Stored data:
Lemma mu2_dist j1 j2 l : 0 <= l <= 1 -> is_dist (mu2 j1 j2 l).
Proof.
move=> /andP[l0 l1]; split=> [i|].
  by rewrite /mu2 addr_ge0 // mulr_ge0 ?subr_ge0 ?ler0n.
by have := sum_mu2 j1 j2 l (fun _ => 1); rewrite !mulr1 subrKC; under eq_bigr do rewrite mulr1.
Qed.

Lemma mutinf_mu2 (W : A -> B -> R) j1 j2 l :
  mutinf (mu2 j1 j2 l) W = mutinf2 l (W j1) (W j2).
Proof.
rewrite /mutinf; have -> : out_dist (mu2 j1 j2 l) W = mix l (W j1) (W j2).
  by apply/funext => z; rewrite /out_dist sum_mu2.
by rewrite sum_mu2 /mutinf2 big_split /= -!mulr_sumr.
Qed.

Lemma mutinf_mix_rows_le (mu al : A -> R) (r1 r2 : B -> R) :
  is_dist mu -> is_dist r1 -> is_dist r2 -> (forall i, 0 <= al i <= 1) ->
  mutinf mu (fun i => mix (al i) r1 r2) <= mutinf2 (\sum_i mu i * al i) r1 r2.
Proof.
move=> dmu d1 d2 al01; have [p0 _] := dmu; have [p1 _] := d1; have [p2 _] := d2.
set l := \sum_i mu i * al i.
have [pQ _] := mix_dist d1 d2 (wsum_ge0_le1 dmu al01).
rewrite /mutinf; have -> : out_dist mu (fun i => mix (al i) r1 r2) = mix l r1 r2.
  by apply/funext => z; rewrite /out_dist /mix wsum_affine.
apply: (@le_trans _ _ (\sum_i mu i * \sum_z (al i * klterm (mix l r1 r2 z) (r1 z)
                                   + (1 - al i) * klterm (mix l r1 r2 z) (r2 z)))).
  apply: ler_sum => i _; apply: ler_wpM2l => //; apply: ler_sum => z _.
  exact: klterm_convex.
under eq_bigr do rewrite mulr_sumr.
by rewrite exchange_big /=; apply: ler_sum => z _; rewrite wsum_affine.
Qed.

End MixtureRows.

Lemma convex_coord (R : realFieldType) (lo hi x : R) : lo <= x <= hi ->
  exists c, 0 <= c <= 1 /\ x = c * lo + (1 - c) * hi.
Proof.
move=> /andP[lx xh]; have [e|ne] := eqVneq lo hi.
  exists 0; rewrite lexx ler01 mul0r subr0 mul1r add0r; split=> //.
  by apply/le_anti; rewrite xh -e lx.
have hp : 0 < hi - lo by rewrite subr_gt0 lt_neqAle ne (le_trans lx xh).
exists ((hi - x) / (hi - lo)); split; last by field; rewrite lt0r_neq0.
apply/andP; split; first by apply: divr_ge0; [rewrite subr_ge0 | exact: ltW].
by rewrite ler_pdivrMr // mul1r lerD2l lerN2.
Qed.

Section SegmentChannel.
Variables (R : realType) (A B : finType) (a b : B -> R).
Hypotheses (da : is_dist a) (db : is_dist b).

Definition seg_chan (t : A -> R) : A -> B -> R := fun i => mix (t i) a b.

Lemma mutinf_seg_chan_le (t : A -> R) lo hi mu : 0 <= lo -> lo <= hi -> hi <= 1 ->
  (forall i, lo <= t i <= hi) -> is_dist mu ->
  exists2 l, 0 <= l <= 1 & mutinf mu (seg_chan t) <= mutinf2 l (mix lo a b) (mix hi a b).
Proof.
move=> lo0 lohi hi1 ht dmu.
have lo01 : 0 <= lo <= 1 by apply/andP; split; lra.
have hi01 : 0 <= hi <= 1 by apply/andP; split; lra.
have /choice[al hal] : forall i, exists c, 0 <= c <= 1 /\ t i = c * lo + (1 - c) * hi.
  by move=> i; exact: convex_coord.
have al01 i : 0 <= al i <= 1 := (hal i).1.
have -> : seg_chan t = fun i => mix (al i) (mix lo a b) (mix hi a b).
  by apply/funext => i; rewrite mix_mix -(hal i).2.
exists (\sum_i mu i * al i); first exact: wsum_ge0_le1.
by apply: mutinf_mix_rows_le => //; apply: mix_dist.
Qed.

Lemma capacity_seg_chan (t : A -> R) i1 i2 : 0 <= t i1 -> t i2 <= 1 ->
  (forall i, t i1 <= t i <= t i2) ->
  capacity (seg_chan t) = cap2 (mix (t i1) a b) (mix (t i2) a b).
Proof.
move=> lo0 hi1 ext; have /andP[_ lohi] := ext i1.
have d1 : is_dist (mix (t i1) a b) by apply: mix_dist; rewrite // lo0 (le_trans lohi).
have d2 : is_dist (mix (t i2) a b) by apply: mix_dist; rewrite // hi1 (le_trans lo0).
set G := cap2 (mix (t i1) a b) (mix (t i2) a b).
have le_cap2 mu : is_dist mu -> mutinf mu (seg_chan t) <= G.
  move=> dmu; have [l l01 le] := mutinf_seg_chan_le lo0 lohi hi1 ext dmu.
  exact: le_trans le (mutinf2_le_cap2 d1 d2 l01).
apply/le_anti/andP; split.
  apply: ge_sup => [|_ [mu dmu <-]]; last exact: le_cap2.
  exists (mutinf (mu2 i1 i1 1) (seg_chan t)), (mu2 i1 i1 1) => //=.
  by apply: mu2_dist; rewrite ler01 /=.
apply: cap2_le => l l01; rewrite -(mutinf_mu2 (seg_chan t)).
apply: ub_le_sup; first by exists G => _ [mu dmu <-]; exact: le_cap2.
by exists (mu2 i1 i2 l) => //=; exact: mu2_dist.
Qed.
---
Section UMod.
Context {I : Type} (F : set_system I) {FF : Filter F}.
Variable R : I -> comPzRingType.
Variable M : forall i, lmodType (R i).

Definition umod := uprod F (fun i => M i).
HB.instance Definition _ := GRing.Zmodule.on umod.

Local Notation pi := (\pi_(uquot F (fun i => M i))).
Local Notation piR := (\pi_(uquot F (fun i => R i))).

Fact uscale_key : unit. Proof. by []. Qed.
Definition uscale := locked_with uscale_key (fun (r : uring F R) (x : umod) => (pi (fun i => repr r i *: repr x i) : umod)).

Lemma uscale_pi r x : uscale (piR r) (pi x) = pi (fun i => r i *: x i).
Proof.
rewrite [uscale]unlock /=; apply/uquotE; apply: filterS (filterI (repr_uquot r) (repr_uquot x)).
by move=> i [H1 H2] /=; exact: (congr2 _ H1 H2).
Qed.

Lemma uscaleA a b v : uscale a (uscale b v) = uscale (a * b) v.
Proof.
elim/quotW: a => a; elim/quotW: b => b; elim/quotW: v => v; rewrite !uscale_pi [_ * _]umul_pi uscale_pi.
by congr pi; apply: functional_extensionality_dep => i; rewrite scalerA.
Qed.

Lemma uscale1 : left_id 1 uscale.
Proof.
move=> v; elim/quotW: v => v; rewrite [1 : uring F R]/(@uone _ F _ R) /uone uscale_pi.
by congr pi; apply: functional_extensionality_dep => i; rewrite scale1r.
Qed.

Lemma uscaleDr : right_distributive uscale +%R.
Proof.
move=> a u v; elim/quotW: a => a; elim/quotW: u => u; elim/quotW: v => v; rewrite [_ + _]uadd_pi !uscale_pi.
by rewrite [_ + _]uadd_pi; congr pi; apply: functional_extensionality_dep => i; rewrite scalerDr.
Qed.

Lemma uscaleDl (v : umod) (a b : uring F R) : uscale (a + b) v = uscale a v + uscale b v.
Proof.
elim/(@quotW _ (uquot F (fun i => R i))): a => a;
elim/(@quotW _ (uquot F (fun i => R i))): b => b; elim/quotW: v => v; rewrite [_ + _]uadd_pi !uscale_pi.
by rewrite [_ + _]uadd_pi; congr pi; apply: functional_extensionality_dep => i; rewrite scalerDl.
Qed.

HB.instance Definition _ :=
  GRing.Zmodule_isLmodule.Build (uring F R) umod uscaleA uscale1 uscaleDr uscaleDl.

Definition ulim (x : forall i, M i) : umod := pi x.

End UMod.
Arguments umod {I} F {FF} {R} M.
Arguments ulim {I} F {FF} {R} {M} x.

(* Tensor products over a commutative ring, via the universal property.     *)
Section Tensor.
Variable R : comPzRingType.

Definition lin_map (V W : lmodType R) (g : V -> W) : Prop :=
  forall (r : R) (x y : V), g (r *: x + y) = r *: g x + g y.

YOUR GOAL: Work out how many lines of the entries contain the word "last", and answer with that number alone.

RESPONSE TO THE TASK: 2